[Information Boundary: Start]
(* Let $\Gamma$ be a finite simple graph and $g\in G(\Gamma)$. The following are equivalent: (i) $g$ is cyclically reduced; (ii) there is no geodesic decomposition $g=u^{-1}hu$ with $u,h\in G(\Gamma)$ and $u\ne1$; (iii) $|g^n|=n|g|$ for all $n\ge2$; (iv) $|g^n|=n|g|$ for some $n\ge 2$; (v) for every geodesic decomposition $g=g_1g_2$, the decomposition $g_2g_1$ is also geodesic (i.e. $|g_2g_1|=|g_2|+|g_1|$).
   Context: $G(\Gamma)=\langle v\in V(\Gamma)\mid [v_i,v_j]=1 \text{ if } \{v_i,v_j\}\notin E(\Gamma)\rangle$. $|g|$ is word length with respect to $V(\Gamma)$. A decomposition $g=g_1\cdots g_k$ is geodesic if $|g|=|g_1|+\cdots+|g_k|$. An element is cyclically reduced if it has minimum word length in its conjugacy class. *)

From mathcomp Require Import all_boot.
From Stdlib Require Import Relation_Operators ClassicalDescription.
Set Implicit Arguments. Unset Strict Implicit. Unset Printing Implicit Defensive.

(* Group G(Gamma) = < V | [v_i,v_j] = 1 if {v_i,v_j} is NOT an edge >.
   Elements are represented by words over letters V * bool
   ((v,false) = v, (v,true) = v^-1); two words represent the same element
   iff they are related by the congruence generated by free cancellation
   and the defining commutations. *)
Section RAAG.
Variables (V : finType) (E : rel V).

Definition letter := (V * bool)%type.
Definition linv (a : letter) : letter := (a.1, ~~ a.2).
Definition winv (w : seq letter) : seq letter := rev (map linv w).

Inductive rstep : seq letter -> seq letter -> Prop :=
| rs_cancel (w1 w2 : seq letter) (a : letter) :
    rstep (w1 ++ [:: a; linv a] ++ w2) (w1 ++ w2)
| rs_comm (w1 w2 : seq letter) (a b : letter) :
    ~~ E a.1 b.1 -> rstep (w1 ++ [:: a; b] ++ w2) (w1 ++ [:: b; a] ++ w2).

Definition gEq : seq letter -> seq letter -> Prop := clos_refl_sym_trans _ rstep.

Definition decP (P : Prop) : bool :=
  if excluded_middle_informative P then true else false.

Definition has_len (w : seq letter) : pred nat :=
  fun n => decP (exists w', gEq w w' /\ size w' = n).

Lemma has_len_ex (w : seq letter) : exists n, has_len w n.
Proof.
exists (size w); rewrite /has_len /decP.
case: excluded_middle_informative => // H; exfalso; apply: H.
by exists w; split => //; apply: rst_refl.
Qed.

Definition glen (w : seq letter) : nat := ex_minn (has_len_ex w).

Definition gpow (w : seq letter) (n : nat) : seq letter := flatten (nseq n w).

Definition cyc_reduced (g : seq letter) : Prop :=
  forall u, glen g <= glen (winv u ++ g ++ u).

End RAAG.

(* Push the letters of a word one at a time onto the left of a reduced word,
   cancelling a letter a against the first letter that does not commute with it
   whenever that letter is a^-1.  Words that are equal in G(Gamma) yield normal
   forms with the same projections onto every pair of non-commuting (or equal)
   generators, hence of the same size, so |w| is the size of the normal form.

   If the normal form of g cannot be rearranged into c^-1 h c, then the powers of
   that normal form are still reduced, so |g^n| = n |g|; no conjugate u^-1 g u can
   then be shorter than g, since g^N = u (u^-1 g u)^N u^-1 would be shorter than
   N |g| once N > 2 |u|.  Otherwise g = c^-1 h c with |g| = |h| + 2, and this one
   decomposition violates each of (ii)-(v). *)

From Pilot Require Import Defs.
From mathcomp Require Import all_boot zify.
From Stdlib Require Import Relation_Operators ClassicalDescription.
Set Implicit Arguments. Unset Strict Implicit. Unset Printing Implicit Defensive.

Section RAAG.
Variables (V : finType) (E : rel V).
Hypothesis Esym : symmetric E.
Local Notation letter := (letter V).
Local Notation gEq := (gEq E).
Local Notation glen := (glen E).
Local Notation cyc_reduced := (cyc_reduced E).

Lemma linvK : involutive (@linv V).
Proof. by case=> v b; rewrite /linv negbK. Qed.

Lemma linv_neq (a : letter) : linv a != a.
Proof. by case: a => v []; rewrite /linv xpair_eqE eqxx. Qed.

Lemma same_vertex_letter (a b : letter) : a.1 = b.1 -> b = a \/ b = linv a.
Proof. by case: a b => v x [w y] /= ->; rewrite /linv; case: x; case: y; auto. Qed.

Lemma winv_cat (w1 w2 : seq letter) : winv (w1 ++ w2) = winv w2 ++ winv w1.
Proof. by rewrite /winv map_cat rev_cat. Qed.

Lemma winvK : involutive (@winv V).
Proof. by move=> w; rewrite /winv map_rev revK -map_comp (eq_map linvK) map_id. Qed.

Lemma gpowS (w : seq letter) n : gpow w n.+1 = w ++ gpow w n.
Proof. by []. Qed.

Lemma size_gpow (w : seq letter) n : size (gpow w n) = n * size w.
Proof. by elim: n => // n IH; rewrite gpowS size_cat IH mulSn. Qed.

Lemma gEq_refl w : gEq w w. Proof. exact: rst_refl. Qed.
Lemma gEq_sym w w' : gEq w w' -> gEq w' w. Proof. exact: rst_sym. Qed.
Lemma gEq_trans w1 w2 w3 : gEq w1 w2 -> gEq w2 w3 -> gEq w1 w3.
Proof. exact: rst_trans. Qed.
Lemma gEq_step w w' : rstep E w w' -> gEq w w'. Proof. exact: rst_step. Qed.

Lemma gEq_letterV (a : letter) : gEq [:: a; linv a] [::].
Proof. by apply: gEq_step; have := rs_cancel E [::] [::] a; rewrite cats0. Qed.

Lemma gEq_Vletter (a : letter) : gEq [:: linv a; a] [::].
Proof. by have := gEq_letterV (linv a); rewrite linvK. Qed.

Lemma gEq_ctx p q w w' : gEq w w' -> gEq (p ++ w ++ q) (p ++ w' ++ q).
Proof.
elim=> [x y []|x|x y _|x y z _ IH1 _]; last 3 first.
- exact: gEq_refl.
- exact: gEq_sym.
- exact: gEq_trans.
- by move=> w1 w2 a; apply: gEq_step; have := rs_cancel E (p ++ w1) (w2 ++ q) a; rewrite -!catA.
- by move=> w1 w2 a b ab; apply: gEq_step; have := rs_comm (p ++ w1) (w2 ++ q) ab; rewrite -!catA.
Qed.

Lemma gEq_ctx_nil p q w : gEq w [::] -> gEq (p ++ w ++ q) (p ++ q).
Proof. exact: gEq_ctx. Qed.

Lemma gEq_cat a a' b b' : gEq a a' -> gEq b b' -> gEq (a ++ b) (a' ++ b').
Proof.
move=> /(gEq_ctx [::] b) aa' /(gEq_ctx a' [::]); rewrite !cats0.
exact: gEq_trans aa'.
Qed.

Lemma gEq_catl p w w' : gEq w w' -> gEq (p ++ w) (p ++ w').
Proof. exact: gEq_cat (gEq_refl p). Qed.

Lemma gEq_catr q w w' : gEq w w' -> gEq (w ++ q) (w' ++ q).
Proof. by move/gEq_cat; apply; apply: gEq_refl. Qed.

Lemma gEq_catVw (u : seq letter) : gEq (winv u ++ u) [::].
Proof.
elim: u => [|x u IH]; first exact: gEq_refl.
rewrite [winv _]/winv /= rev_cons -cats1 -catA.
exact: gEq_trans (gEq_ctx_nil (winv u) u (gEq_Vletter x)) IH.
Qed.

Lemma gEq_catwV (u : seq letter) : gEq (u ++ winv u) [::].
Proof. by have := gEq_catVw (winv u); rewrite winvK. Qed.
[Information Boundary: End]
Your assignment
Word for word, return the lines from the one holding "elim: u => [|x u IH]; first exact: gEq_refl." through the end of the entries above.

Output
elim: u => [|x u IH]; first exact: gEq_refl.
rewrite [winv _]/winv /= rev_cons -cats1 -catA.
exact: gEq_trans (gEq_ctx_nil (winv u) u (gEq_Vletter x)) IH.
Qed.

Lemma gEq_catwV (u : seq letter) : gEq (u ++ winv u) [::].
Proof. by have := gEq_catVw (winv u); rewrite winvK. Qed.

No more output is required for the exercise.